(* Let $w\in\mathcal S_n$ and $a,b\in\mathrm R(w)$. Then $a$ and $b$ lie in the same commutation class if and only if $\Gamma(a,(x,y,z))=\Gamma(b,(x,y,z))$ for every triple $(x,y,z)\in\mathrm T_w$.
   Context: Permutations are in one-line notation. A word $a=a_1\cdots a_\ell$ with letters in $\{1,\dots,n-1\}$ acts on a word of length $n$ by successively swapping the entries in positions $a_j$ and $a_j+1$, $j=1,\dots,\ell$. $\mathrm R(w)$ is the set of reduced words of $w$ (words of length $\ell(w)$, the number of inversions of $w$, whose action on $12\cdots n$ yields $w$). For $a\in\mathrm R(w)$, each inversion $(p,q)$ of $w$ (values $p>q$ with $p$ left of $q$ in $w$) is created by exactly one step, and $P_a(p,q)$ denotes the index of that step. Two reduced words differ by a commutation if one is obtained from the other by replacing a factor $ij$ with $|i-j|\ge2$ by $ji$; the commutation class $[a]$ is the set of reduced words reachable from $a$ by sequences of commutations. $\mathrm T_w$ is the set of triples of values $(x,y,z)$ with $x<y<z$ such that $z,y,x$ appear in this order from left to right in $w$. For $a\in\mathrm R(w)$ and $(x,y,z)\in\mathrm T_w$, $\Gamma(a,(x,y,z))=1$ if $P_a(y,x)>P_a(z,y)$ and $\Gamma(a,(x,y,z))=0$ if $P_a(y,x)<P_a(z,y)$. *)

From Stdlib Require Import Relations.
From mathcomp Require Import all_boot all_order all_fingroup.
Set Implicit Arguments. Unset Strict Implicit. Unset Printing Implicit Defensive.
════════════════
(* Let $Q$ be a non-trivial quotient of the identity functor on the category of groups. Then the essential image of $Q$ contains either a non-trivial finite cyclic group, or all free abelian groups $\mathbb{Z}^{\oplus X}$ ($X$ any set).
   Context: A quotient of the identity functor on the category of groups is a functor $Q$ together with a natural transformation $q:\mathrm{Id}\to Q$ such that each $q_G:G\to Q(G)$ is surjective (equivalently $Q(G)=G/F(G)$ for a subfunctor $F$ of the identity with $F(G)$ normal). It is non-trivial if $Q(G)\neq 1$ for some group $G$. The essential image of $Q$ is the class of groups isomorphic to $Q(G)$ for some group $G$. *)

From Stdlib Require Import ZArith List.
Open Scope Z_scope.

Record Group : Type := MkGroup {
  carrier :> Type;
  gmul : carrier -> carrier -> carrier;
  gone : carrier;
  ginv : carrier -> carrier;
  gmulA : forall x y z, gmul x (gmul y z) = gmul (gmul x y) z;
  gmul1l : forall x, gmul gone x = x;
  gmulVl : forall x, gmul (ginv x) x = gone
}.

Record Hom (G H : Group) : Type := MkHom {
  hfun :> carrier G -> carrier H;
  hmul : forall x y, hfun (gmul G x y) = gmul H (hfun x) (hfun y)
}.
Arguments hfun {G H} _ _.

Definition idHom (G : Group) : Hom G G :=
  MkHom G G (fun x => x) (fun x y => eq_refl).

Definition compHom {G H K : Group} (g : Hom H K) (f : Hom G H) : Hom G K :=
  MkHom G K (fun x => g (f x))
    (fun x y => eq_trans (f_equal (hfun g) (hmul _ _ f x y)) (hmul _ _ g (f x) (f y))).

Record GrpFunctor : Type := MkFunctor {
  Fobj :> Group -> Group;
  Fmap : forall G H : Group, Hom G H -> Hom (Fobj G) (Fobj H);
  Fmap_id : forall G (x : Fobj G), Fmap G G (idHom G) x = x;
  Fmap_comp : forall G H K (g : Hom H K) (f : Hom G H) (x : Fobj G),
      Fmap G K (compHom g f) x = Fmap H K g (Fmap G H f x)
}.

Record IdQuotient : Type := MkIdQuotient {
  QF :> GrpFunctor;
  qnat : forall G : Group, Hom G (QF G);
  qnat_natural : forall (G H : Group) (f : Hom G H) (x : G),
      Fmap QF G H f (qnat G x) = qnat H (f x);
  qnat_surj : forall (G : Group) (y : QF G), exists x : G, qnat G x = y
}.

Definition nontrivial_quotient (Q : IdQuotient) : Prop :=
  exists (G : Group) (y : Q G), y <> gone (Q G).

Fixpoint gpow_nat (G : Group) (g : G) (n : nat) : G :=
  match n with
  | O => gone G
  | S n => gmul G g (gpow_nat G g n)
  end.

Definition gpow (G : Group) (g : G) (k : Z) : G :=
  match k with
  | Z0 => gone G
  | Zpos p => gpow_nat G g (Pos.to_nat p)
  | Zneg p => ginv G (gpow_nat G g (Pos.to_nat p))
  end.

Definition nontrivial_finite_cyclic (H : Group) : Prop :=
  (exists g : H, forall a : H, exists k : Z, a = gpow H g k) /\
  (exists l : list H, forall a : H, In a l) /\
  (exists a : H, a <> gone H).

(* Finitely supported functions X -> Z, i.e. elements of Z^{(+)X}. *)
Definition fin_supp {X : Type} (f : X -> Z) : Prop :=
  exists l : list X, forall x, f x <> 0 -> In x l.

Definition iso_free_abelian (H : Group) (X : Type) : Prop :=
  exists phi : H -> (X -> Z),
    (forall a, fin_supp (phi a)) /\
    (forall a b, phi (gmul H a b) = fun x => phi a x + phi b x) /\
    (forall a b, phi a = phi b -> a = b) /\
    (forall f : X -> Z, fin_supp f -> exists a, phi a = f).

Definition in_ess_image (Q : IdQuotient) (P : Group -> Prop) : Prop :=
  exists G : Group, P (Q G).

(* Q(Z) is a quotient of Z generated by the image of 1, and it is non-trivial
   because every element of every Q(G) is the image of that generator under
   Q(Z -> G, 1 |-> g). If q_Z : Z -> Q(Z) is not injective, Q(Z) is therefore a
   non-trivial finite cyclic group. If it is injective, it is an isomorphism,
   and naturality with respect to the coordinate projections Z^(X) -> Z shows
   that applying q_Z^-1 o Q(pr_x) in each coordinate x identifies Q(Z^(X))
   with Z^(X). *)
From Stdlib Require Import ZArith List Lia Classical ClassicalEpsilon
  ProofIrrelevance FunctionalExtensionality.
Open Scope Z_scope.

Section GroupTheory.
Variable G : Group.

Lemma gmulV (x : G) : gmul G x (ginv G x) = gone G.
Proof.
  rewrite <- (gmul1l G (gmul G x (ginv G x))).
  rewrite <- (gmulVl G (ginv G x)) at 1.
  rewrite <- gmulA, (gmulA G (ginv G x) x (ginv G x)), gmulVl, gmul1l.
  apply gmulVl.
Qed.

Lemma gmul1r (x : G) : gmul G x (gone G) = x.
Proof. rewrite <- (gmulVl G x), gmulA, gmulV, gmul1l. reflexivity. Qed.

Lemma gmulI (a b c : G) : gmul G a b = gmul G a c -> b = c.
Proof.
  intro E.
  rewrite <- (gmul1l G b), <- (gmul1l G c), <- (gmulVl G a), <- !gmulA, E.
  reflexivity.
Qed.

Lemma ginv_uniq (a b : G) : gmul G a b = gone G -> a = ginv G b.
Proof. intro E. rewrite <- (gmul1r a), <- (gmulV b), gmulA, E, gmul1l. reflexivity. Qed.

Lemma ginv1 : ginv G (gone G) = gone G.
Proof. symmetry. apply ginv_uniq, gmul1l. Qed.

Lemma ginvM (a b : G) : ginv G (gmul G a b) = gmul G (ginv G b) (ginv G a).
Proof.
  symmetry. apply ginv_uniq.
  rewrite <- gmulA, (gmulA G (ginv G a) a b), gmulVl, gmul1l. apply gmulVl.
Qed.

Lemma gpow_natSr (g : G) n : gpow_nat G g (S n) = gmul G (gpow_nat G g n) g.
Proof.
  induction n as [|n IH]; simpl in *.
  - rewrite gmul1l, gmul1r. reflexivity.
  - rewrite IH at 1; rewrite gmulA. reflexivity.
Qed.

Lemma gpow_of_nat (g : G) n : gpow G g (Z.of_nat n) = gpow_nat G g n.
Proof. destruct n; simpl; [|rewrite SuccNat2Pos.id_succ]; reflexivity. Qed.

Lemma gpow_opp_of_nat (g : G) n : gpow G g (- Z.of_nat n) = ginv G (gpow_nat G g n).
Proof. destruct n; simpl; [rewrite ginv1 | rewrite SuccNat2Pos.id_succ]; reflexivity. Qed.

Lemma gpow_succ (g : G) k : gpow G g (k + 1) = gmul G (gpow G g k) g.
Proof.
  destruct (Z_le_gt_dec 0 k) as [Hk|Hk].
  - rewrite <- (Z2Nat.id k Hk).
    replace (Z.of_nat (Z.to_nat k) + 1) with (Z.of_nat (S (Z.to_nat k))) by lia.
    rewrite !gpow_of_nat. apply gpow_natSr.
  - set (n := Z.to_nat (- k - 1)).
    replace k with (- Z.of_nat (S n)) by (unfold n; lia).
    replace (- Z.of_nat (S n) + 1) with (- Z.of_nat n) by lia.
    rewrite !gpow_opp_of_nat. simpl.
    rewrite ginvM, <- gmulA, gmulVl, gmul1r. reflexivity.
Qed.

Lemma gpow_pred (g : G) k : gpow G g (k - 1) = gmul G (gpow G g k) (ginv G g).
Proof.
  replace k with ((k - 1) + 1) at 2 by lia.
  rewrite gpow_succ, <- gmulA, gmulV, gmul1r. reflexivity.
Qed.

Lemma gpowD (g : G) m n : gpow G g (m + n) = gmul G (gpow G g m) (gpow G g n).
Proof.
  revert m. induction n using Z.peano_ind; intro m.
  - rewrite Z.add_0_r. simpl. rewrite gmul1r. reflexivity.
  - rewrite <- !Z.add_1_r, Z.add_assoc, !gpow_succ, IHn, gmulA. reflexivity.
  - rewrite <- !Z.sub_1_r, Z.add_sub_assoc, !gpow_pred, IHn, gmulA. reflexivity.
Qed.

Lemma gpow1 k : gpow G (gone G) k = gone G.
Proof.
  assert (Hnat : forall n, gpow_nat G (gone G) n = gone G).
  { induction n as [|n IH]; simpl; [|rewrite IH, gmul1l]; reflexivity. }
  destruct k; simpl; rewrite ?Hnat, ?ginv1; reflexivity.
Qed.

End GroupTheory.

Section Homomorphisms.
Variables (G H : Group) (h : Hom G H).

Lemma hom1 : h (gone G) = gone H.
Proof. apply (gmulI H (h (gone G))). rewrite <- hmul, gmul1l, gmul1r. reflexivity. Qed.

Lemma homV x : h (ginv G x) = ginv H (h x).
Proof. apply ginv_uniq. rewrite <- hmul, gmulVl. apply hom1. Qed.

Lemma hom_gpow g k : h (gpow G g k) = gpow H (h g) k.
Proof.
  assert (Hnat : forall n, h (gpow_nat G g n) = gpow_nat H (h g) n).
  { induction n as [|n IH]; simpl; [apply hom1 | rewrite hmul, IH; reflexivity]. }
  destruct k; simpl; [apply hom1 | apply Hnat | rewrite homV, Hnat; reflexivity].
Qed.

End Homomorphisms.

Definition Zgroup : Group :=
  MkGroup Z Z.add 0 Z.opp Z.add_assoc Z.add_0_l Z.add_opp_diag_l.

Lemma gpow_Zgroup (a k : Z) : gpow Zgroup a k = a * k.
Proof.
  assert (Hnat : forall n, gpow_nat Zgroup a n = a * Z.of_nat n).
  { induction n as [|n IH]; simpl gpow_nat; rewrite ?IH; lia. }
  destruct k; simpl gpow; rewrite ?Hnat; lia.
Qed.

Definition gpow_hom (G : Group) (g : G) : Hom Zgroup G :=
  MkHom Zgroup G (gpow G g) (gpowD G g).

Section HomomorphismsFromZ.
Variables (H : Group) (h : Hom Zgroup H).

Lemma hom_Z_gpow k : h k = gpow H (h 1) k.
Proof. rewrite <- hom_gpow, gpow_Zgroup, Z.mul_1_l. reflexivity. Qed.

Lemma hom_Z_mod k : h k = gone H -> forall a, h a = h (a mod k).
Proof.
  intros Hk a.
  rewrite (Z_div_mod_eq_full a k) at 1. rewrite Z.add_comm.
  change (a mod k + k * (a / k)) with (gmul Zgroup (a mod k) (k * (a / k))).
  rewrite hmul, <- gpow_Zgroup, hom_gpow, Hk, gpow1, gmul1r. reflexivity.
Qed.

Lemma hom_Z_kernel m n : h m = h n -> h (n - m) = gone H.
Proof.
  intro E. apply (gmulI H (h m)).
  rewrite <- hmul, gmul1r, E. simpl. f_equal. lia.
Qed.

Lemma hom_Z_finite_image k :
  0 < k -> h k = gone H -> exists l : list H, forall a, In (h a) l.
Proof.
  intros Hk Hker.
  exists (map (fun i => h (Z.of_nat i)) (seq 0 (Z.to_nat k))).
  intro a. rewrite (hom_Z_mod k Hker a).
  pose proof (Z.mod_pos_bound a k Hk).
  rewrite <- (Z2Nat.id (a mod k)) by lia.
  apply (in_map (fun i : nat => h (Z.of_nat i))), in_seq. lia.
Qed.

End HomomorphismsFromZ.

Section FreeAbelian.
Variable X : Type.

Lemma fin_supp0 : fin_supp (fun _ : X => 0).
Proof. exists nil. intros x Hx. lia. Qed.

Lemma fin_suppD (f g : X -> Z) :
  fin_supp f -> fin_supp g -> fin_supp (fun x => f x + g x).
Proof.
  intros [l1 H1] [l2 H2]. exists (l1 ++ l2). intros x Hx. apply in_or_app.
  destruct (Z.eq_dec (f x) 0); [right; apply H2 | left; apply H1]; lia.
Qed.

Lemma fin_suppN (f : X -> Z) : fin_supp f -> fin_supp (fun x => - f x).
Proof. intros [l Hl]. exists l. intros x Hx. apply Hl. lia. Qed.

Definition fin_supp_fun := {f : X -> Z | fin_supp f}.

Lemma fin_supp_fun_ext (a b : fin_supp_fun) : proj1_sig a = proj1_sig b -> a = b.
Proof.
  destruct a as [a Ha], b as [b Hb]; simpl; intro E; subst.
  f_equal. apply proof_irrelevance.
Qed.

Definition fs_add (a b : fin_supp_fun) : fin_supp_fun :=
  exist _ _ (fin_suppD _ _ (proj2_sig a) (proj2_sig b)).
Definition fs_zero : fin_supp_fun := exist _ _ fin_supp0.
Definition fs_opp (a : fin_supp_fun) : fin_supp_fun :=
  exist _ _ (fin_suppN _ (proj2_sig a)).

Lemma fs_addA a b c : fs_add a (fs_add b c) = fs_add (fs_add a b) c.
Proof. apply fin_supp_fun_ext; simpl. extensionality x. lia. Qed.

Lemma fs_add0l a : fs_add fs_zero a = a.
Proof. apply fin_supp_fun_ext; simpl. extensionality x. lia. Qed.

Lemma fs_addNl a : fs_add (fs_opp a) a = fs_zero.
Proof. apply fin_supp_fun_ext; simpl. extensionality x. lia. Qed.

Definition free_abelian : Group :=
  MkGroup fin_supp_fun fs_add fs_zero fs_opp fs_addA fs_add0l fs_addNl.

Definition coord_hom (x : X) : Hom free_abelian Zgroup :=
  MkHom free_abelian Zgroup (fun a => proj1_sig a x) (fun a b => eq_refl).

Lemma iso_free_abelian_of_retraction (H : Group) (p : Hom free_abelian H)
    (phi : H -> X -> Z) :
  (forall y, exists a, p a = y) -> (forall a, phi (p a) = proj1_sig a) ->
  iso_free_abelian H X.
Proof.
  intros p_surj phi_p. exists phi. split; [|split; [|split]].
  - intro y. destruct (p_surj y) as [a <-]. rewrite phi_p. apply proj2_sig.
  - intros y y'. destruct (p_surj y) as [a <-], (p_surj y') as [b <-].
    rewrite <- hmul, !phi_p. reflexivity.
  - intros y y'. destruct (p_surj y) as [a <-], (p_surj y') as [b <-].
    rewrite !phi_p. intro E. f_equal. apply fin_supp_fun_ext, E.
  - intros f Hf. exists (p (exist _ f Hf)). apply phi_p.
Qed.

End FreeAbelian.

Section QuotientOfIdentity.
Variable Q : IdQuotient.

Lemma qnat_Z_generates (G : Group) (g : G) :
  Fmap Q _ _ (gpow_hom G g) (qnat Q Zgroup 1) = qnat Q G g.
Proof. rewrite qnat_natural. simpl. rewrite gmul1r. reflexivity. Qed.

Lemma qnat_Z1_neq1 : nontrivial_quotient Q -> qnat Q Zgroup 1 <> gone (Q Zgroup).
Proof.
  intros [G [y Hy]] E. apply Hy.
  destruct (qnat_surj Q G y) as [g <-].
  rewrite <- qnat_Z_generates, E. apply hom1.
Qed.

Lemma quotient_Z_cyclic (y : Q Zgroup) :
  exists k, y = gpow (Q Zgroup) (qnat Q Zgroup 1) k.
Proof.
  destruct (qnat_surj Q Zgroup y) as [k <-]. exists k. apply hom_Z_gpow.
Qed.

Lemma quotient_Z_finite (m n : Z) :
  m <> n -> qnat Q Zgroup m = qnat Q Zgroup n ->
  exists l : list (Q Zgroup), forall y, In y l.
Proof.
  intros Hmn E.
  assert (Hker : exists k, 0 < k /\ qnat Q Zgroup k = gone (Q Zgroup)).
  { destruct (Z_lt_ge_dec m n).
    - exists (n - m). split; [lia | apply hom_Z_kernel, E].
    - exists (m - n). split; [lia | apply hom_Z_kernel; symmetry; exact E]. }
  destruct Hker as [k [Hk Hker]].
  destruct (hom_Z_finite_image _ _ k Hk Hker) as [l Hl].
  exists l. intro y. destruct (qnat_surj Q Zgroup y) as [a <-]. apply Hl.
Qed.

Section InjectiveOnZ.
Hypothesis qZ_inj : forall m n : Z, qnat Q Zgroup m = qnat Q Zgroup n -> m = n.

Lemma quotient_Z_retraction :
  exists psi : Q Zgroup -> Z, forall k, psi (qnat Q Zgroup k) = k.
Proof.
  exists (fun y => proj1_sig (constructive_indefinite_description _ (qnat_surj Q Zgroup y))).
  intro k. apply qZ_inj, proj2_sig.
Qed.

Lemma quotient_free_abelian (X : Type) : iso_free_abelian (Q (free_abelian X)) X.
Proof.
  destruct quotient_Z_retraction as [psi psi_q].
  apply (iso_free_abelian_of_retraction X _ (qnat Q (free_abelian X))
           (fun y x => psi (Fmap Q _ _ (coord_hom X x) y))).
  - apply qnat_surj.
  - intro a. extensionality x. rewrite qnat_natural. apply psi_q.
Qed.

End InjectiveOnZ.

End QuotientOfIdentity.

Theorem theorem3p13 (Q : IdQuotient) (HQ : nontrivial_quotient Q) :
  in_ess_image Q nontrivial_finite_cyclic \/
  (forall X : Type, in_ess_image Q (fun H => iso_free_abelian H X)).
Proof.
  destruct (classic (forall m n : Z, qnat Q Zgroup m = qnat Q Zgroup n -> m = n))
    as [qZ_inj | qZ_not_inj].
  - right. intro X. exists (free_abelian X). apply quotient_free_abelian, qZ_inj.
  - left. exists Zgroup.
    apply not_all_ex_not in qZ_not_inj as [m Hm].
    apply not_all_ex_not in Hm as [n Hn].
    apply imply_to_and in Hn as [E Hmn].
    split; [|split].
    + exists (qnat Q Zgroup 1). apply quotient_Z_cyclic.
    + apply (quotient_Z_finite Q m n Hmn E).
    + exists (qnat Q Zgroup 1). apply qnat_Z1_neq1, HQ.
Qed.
════════════════
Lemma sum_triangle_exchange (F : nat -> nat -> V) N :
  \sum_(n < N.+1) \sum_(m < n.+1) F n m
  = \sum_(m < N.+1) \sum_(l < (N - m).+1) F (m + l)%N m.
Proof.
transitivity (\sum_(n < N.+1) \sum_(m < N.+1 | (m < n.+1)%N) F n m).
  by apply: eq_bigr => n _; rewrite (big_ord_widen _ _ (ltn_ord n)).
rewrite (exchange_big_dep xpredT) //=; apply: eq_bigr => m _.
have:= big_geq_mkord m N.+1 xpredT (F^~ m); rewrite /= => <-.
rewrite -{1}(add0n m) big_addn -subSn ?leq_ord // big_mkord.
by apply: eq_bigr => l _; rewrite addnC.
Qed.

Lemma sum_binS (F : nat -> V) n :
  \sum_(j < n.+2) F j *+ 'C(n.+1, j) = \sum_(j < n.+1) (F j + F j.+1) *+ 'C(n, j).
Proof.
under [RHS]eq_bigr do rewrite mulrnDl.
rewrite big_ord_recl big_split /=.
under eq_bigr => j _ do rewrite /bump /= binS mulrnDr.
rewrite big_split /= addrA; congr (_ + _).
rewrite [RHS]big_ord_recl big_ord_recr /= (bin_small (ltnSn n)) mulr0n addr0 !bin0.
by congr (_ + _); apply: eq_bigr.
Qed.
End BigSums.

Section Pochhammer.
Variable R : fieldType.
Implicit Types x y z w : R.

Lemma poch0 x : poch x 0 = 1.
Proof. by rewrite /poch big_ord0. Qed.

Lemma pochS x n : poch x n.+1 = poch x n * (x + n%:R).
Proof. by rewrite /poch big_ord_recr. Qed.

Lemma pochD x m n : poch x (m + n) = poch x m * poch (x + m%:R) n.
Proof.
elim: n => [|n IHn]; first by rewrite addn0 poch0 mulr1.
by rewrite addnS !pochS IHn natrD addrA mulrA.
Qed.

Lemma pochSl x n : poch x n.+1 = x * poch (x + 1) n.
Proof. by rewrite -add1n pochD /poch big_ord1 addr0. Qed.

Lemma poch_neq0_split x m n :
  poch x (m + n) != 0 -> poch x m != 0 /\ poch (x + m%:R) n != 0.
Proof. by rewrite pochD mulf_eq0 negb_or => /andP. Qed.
════════════════
- [Task directions]:
Your reply should consist of a single number, the count of lines in the records above that contain the string "hmul".

- [Solution below]:
8